I have just about HAD IT

    • Gold Top Dog
    This is my very, very novice point of veiw, but....

    My dog never would have been allowed to drag me towards the equipment. I would have turned his butt around, right then, and taken him home. At this point, if he barked ONCE, I'd turn my back to him and walk away, pick up the leash, and exit the building (with the dog, of course). I wouldn't let it escelate to biting, b/c, like everyone else has said, he's being reinforced by being allowed to continue to run. This behavior, especially from a dog that size, is completely unacceptable. I'd just... stop. Dead in my tracks. You use your mouth, you lose your playmate. Just like a brand new puppy. After all, he's not mature, yet. He is still pretty puppyish (if he's like the other GSDs I know, they're pups til they're at least 3), and still needs a lot of guidance.


    • Gold Top Dog
    This behavior, especially from a dog that size, is completely unacceptable. I'd just... stop. Dead in my tracks. You use your mouth, you lose your playmate.

    I know it's unacceptable, but I've tried to put him up in my car and use somebody else's dog..he's only worse the next time we go out.
     
    He isn't allowed to pull towards equipment anymore, he heels into the building very nicely and downs.  But aside from quitting, I don't know what else to do...I really don't enjoy the other dog sports as much as agility, and I don't have a dog to show in conformation right now, so that means I'd pretty much be stuck on the sidelines doing nothing until my dog decides to behave himself :-/
    • Gold Top Dog
    I know it's unacceptable, but I've tried to put him up in my car and use somebody else's dog..he's only worse the next time we go out.


    I'd take him home. If he doesn't play nice, he doesn't get to play. I wouldn't go play with somebody else's dog, I'd just end play time, altogether.

    Of course, I'm not the one paying for agility classes.
    • Gold Top Dog
    My dog never would have been allowed to drag me towards the equipment. I would have turned his butt around, right then, and taken him home.

     
    I can't take him home.  I get obsessive about agility...I HAVE to run the class.  I absolutely cannot stand it if I don't run.  I paid for the class, I HAVE to participate in it, even if it's not my dog.
     
    It also bothers me to pay for something and then not go, because that's money I can't afford to waste
    • Gold Top Dog
    Okay, let me think on some of this.  (It's about bed time and I missed a LOT of sleep last night, so I hate to do too much thinking tonight.)
     
    He's put immediately in a down and once I collect him, we do not finish the sequence, we go to the end of the line and he has to wait his turn. We have also tried ending the game with him entirely and putting him up in my car, and I work with one of the instructor's dogs.

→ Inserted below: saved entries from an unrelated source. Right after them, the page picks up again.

(* Let $p$ be a prime, $0<\alpha\le1$, $k$ a positive integer, and let $S\subseteq\mathbb{Z}_p$ be such that all $k$-wise sums of different elements of $S$ are distinct, excluding permutations of the summands (i.e., for any two $k$-element subsets $T,T'\subseteq S$, $\sum_{t\in T}t=\sum_{t\in T'}t$ in $\mathbb{Z}_p$ implies $T=T'$). Then $$\mathcal{C}^{\mathrm{bsgs1}}_\alpha(S)>\left(\alpha|S|/(2k)\right)^{k/(k+1)}.$$
   Context: The BSGS-1 $\alpha$-complexity $\mathcal{C}^{\mathrm{bsgs1}}_\alpha(S)$ of $S\subseteq\mathbb{Z}_p$ is the smallest integer $n$ such that there exist $X,Y\subseteq\mathbb{Z}_p$ with $|X|=|Y|=n$ and $|S\cap(X-Y)|\geq\alpha|S|$, where $X-Y=\{x-y\mid x\in X,y\in Y\}$ (computed in $\mathbb{Z}_p$). *)

From mathcomp Require Import all_boot all_order all_algebra.
From mathcomp Require Import all_classical all_reals all_analysis.
Set Implicit Arguments. Unset Strict Implicit. Unset Printing Implicit Defensive.
Import GRing.Theory Num.Theory.
Local Open Scope ring_scope.

Definition diffset (p : nat) (X Y : {set 'F_p}) : {set 'F_p} :=
  [set x - y | x in X, y in Y].

Definition bsgs1_ok (R : realType) (p : nat) (alpha : R) (S : {set 'F_p}) (n : nat) : bool :=
  [exists X : {set 'F_p}, exists Y : {set 'F_p},
     [&& #|X| == n, #|Y| == n &
         alpha * (#|S|)%:R <= (#|S :&: diffset X Y|)%:R]].

Lemma bsgs1_ok_exists (R : realType) (p : nat) (alpha : R) (S : {set 'F_p}) :
  alpha <= 1 -> exists n, bsgs1_ok alpha S n.
Proof.
move=> a1; exists #|[set: 'F_p]%SET|; apply/existsP; exists [set: 'F_p]%SET; apply/existsP; exists [set: 'F_p]%SET.
rewrite !eqxx /=.
have -> : S :&: diffset [set: 'F_p]%SET [set: 'F_p]%SET = S.
  apply/setP => z; rewrite inE; case: (z \in S) => //=.
  by apply/imset2P; exists z 0; rewrite ?inE // subr0.
by rewrite -[X in _ <= X]mul1r ler_wpM2r.
Qed.

Definition bsgs1_complexity (R : realType) (p : nat) (alpha : R) (S : {set 'F_p})
  (a1 : alpha <= 1) : nat :=
  ex_minn (bsgs1_ok_exists S a1).

Definition distinct_ksums (p : nat) (k : nat) (S : {set 'F_p}) : Prop :=
  forall T T' : {set 'F_p}, T \subset S -> T' \subset S -> #|T| = k -> #|T'| = k ->
    \sum_(t in T) t = \sum_(t in T') t -> T = T'.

That really just seems to make Strauss worse :-/

     
    Was he better after going to the end of the line?  Could the "worse" be an extinction burst?  Was the "worse" later that same lesson or the next lesson?
     
    And, what does he do if you try to do obedience exercises during class?  How far away from the agility field do you have to be for him to pay attention to you  (without your tug toy)?  I'm thinking maybe you need to desensitize him to the goings-on of agility before you can go forward in your training with him especially around other dogs.  The book Click to Calm does a great job of going through the desensitization process (the book deals with dog aggressive dog).
     
    I also think that if he is in a "manic" state (which is what I'm envisioning in my mind's eye with this dog), he's not doing much learning.
    • Gold Top Dog
    Was he better after going to the end of the line?

    No...he was worse, because he only wanted to do it MORE after being denied the first time
     
    Could the "worse" be an extinction burst?

    I have no idea what an extinction burst is admittedly.
     
    Was the "worse" later that same lesson or the next lesson?

    Same lesson
     
    And, what does he do if you try to do obedience exercises during class?

    He blows me off.
     
    How far away from the agility field do you have to be for him to pay attention to you  (without your tug toy)?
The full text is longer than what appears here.